======== INPUT DATA
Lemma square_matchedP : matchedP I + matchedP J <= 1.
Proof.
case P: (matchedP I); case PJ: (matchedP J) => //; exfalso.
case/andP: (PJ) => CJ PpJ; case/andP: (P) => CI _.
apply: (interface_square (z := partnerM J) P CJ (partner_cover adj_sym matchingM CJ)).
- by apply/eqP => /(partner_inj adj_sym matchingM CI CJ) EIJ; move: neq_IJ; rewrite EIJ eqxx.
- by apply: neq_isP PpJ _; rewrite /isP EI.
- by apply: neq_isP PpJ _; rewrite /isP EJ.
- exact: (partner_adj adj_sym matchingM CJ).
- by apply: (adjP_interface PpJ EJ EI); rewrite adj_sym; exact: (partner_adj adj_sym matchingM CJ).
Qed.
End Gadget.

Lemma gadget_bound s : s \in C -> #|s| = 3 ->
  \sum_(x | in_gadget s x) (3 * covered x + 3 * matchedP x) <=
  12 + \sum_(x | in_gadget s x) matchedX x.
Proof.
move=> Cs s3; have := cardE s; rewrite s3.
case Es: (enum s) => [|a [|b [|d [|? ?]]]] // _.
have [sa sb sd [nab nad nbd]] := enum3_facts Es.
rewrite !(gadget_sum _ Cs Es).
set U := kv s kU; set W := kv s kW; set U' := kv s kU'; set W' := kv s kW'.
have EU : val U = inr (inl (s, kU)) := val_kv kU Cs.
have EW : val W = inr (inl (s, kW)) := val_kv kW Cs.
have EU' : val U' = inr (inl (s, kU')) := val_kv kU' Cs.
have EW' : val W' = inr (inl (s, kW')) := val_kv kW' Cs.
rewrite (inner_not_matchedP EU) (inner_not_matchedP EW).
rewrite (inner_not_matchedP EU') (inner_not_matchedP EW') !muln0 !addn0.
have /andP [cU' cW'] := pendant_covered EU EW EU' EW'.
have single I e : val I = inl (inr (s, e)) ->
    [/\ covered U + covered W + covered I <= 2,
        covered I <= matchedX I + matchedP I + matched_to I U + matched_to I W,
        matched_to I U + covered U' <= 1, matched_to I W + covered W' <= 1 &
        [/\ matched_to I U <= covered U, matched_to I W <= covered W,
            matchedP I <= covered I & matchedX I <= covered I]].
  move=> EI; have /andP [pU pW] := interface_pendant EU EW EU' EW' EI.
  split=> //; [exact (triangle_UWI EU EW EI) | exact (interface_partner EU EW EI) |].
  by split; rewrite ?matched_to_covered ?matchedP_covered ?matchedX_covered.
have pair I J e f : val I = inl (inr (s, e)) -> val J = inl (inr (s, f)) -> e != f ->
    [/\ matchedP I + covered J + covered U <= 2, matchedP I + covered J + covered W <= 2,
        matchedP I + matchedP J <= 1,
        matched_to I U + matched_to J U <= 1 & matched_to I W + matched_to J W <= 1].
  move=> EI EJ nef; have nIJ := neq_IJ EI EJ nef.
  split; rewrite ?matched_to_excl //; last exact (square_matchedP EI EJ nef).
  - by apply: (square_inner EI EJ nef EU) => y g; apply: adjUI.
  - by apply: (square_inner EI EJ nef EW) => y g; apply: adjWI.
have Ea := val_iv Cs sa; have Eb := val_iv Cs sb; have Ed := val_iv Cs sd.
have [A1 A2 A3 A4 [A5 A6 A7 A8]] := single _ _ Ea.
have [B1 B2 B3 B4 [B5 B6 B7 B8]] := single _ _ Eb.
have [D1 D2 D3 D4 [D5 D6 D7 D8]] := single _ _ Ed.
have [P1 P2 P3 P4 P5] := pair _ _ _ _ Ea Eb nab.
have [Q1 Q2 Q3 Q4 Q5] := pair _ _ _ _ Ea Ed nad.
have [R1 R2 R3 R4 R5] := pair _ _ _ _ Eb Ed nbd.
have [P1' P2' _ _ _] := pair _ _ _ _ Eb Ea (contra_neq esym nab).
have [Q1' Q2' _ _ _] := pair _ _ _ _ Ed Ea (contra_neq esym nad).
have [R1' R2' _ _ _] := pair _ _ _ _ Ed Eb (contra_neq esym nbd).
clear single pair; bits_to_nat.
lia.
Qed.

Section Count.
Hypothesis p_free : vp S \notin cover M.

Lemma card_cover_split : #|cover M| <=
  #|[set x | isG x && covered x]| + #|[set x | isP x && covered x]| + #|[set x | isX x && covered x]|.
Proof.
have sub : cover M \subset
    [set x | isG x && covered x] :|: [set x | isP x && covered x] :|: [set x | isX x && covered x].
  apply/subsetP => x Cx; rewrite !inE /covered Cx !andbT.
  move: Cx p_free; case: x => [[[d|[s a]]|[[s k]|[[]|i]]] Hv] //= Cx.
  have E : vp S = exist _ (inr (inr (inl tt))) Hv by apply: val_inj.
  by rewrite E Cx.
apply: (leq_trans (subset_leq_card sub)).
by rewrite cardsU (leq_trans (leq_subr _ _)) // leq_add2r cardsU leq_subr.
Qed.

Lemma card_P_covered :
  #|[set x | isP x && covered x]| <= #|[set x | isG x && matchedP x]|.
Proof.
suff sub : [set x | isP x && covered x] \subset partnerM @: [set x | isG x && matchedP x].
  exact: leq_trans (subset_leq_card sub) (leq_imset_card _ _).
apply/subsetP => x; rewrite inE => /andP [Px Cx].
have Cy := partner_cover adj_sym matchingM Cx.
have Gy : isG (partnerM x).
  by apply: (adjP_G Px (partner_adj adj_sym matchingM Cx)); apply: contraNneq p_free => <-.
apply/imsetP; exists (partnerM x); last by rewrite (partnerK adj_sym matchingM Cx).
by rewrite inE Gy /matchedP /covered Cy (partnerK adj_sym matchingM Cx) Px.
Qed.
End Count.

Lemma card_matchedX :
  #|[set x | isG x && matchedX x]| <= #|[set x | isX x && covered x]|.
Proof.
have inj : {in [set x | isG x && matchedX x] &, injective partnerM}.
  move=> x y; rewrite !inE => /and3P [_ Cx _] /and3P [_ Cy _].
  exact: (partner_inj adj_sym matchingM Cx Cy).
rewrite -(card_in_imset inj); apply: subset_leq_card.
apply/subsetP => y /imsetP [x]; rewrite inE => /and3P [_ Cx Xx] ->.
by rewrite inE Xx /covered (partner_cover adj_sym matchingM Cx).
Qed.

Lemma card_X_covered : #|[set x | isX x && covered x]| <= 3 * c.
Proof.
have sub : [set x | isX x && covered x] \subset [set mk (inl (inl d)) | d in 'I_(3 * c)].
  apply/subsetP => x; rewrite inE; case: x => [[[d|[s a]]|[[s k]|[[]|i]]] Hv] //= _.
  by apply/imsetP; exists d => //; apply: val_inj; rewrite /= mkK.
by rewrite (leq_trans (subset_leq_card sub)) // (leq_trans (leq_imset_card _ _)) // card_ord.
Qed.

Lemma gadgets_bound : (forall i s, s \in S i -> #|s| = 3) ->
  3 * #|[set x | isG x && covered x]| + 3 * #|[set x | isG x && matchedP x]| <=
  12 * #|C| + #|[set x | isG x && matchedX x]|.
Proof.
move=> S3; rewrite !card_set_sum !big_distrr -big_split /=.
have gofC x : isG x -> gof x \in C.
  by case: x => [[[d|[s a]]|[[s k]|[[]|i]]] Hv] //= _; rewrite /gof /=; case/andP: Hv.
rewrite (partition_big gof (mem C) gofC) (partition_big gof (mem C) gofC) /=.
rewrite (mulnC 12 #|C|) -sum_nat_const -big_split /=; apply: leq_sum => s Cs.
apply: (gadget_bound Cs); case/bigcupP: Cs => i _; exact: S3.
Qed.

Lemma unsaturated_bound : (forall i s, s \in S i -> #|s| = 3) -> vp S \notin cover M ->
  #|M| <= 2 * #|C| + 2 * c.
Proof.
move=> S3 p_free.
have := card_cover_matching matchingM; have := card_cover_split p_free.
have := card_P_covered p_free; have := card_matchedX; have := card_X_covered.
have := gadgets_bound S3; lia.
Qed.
================
- _WHAT TO WORK ON_
In the data above, retype exactly and only the lines between the one holding "have Cy := partner_cover" and the one holding "12 * #|C| + #|[set", inclusive.

- _TASK RESPONSE_
have Cy := partner_cover adj_sym matchingM Cx.
have Gy : isG (partnerM x).
  by apply: (adjP_G Px (partner_adj adj_sym matchingM Cx)); apply: contraNneq p_free => <-.
apply/imsetP; exists (partnerM x); last by rewrite (partnerK adj_sym matchingM Cx).
by rewrite inE Gy /matchedP /covered Cy (partnerK adj_sym matchingM Cx) Px.
Qed.
End Count.

Lemma card_matchedX :
  #|[set x | isG x && matchedX x]| <= #|[set x | isX x && covered x]|.
Proof.
have inj : {in [set x | isG x && matchedX x] &, injective partnerM}.
  move=> x y; rewrite !inE => /and3P [_ Cx _] /and3P [_ Cy _].
  exact: (partner_inj adj_sym matchingM Cx Cy).
rewrite -(card_in_imset inj); apply: subset_leq_card.
apply/subsetP => y /imsetP [x]; rewrite inE => /and3P [_ Cx Xx] ->.
by rewrite inE Xx /covered (partner_cover adj_sym matchingM Cx).
Qed.

Lemma card_X_covered : #|[set x | isX x && covered x]| <= 3 * c.
Proof.
have sub : [set x | isX x && covered x] \subset [set mk (inl (inl d)) | d in 'I_(3 * c)].
  apply/subsetP => x; rewrite inE; case: x => [[[d|[s a]]|[[s k]|[[]|i]]] Hv] //= _.
  by apply/imsetP; exists d => //; apply: val_inj; rewrite /= mkK.
by rewrite (leq_trans (subset_leq_card sub)) // (leq_trans (leq_imset_card _ _)) // card_ord.
Qed.

Lemma gadgets_bound : (forall i s, s \in S i -> #|s| = 3) ->
  3 * #|[set x | isG x && covered x]| + 3 * #|[set x | isG x && matchedP x]| <=
  12 * #|C| + #|[set x | isG x && matchedX x]|.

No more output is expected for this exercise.